Lemma pid_last_split q (A : 'M[F]_(n.+1, q)) : A = P *m A + e *m row ord_max A.
Proof.
have -> : P = 1%:M - delta_mx ord_max ord_max.
  apply/matrixP=> i j; rewrite !mxE val_eqE.
  have [<-|/negbTE ij] := eqVneq i j; last first.
    rewrite (_ : (i == ord_max) && (j == ord_max) = false) ?subr0 //.
    by apply: contraFF ij => /andP[/eqP-> /eqP->].
  have [->|iM] := eqVneq i ord_max; first by rewrite ltnn subrr.
  by rewrite ltn_neqAle -ltnS ltn_ord andbT (_ : (i != n :> nat)) ?subr0.
by rewrite mulmxBl mul1mx rowE mulmxA mul_delta_mx subrK.
Qed.

Lemma row_last_pid q (A : 'M[F]_(n.+1, q)) : row ord_max (P *m A) = 0.
Proof.
rewrite row_mul (_ : row _ _ = 0) ?mul0mx //.
by apply/rowP=> j; rewrite !mxE ltnn andbF.
Qed.

Lemma pid_last_id q (A : 'M[F]_(n.+1, q)) : row ord_max A = 0 -> P *m A = A.
Proof. by move=> A0; rewrite [RHS]pid_last_split A0 mulmx0 addr0. Qed.

Lemma pid_last_split_col (x : 'cV[F]_(n.+1)) : x = P *m x + x ord_max 0 *: e.
Proof. by rewrite [LHS]pid_last_split (mx11_scalar (row _ _)) mul_mx_scalar mxE. Qed.

Lemma pid_last_col_id (x : 'cV[F]_(n.+1)) : x ord_max 0 = 0 -> P *m x = x.
Proof. by move=> x0; rewrite [RHS]pid_last_split_col x0 scale0r addr0. Qed.

Lemma tr_delta_last_pid : e^T *m P = 0.
Proof. by rewrite trmx_delta -rowE -[P]mulmx1 row_last_pid. Qed.

Lemma pid_last_idem : P *m P = P.
Proof. exact: pid_mx_id. Qed.

Lemma tr_pid_mulmx_pid (y : 'cV[F]_(n.+1)) : (P *m y)^T *m P = (P *m y)^T.
Proof. by rewrite trmx_mul tr_pid_mx -mulmxA pid_last_idem. Qed.

Lemma left_kernel_last_decomp q (L : 'M[F]_(n.+1, q)) (y : 'cV[F]_(n.+1)) :
    row ord_max L = 0 -> (\rank L < n)%N -> y^T *m L = 0 ->
  exists w c, [/\ P *m w != 0, (P *m w)^T *m L = 0 & y = c *: (P *m w) + y ord_max 0 *: e].
Proof.
move=> L0 rkL yL; have PL : P *m L = L by apply: pid_last_id.
have [Py0|Py] := eqVneq (P *m y) 0; last first.
  exists y, 1; split=> //; last by rewrite scale1r -pid_last_split_col.
  by rewrite trmx_mul tr_pid_mx -mulmxA PL.
have [|w0 w00 [w0L w0e]] := @left_kernel_common _ _ _ L e.
  by rewrite mxrank_delta addn1.
have Pw0 : P *m w0 = w0.
  apply: pid_last_col_id; have := congr1 (fun M : 'M[F]_1 => M 0 0) w0e.
  by rewrite -colE !mxE.
exists w0, 0; rewrite Pw0 scale0r add0r; split=> //.
by rewrite [LHS]pid_last_split_col Py0 add0r.
Qed.

End LastCoordinate.

End LinearAlgebra.

Section AnnihilatorEntrywise.
Variables (D : Type) (S : funring C D).

Lemma entrywise_ann_mx p (y : D -> 'cV[C]_p) j :
  entrywise S y -> entrywise S (fun t => ann_mx (y t) j).
Proof.
move=> Sy; apply: entrywise_add; first exact: entrywise_scale (Sy j 0) (entrywise_cst _ _).
by apply/entrywise_opp/entrywise_mul; [apply: entrywise_cst | apply: entrywise_tr].
Qed.

Lemma entrywise_lann p q (y : D -> 'cV[C]_p) (U : D -> 'I_p -> 'M[C]_(p, q)) :
  entrywise S y -> (forall j, entrywise S (U^~ j)) -> entrywise S (fun t => lann (y t) (U t)).
Proof.
by move=> Sy SU; apply: entrywise_sum => j; apply: entrywise_mul; [apply: entrywise_ann_mx|].
Qed.

Lemma entrywise_biann p q (y : D -> 'cV[C]_p) (z : D -> 'cV[C]_q) U :
    entrywise S y -> entrywise S z -> (forall j l, entrywise S (fun t => U t j l)) ->
  entrywise S (fun t => biann (y t) (z t) (U t)).
Proof.
move=> Sy Sz SU; apply: entrywise_lann => // j.
by apply/entrywise_tr/entrywise_lann => // l; apply: entrywise_tr.
Qed.

End AnnihilatorEntrywise.

(** * Pairs (A, x) as points of affine space *)

Section Encoding.
Variables n k : nat.
Local Notation N := (dimAmb n k).
Implicit Types (A : 'M[C]_(n.+1, k)) (x : 'cV[C]_(n.+1)).

Definition encode A x : 'I_N -> C := row_mx (mxvec A) x^T 0.

Lemma Amat_encode A x : Amat (encode A x) = A.
Proof. by apply/matrixP=> i j; rewrite mxE /encode row_mxEl mxvecE. Qed.

Lemma xvec_encode A x : xvec (encode A x) = x.
Proof. by apply/matrixP=> i j; rewrite ord1 !mxE /encode row_mxEr mxE. Qed.

Lemma encode_decode v : encode (Amat v) (xvec v) =1 v.
Proof.
move=> i; rewrite /encode -[i : 'I_(_ + _)]splitK; case: (split i) => [a|b] /=.
  by rewrite row_mxEl; case/mxvec_indexP: a => r c; rewrite mxvecE mxE.
by rewrite row_mxEr !mxE.
Qed.

Lemma ptset_encode (P : 'M[C]_(n.+1, k) -> 'cV[C]_(n.+1) -> Prop) A x :
  ptset P (encode A x) = P A x.
Proof. by rewrite /ptset Amat_encode xvec_encode. Qed.

Lemma funring_encode (D : Type) (S : funring C D)
    (A : D -> 'M[C]_(n.+1, k)) (x : D -> 'cV[C]_(n.+1)) :
  entrywise S A -> entrywise S x -> forall i, S (fun t => encode (A t) (x t) i).
Proof.
by move=> SA Sx i; apply: (entrywise_row_mx (entrywise_mxvec SA) (entrywise_tr Sx)).
Qed.

Definition generic_mx : 'M[{mpoly C[N]}]_(n.+1, k) :=
  \matrix_(i, j) 'X_(lshift n.+1 (mxvec_index i j)).

Lemma map_generic_mx v : map_mx (meval v) generic_mx = Amat v.
Proof. by apply/matrixP=> i j; rewrite !mxE mevalXU. Qed.

Lemma entrywise_Amat d : entrywise (regular_funring d) (@Amat n k).
Proof. by move=> i j; apply: regular_ext (regular_coord d _) _ => v; rewrite mxE. Qed.

Lemma entrywise_xvec d : entrywise (regular_funring d) (@xvec n k).
Proof. by move=> i j; apply: regular_ext (regular_coord d _) _ => v; rewrite !mxE. Qed.

Lemma irreducible_ptset (T : finType) (P : 'M[C]_(n.+1, k) -> 'cV[C]_(n.+1) -> Prop)
    (A : (T -> C) -> 'M[C]_(n.+1, k)) (x : (T -> C) -> 'cV[C]_(n.+1)) :
    entrywise (polyfun_funring C T) A -> entrywise (polyfun_funring C T) x ->
    (forall t, P (A t) (x t)) -> (forall B y, P B y -> exists t, A t = B /\ x t = y) ->
  irreducible_set (ptset P).
Proof.
move=> PA Px A_in A_onto; apply: (@irreducible_image _ _ _ (fun t => encode (A t) (x t))).
- exact: funring_encode.
- by move=> t; rewrite ptset_encode.
- by move=> v /A_onto [t [At xt]]; exists t; rewrite At xt; apply: encode_decode.
Qed.

Lemma multiplicity_one_ptset (V W Z : 'M[C]_(n.+1, k) -> 'cV[C]_(n.+1) -> Prop)
    (d : {mpoly C[N]}) (delta : 'M[C]_(n.+1, k) -> C)
    (phiA : 'M[C]_(n.+1, k) -> 'cV[C]_(n.+1) -> 'M[C]_(n.+1, k))
    (phix : 'M[C]_(n.+1, k) -> 'cV[C]_(n.+1) -> 'cV[C]_(n.+1)) :
    irreducible_set (ptset Z) -> (forall A x, Z A x -> V A x /\ W A x) ->
    (forall v, d.@[v] = delta (Amat v)) ->
    (exists A x, Z A x /\ delta A != 0) ->
    entrywise (regular_funring d) (fun v => phiA (Amat v) (xvec v)) ->
    entrywise (regular_funring d) (fun v => phix (Amat v) (xvec v)) ->
    (forall A x, W A x -> delta A != 0 -> phiA A x = A /\ phix A x = x) ->
    (forall A x, V A x -> delta A != 0 -> Z (phiA A x) (phix A x)) ->
  intersection_multiplicity_one (ptset V) (ptset W) (ptset Z).
Proof.
move=> Zirr ZVW dE [A0 [x0 [ZA0 dA0]]] phiA_reg phix_reg phi_id phi_in.
pose phi v := encode (phiA (Amat v) (xvec v)) (phix (Amat v) (xvec v)).
apply: (@multiplicity_one_retraction _ _ _ _ d phi) => //.
- by move=> v; apply: ZVW.
- by exists (encode A0 x0); rewrite ?ptset_encode // dE Amat_encode.
- exact: funring_encode.
- by move=> v Wv; rewrite dE /phi => /(phi_id _ _ Wv) [-> ->]; apply: encode_decode.
- by move=> v Vv; rewrite dE /phi ptset_encode; apply: phi_in.
Qed.

End Encoding.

• **ACTIVITY**: Only the lines from the first line of the material above through the line that contains "have [->|iM] := eqVneq" should be quoted, each one exactly.

• **WRITTEN SOLUTION**:
Lemma pid_last_split q (A : 'M[F]_(n.+1, q)) : A = P *m A + e *m row ord_max A.
Proof.
have -> : P = 1%:M - delta_mx ord_max ord_max.
  apply/matrixP=> i j; rewrite !mxE val_eqE.
  have [<-|/negbTE ij] := eqVneq i j; last first.
    rewrite (_ : (i == ord_max) && (j == ord_max) = false) ?subr0 //.
    by apply: contraFF ij => /andP[/eqP-> /eqP->].
  have [->|iM] := eqVneq i ord_max; first by rewrite ltnn subrr.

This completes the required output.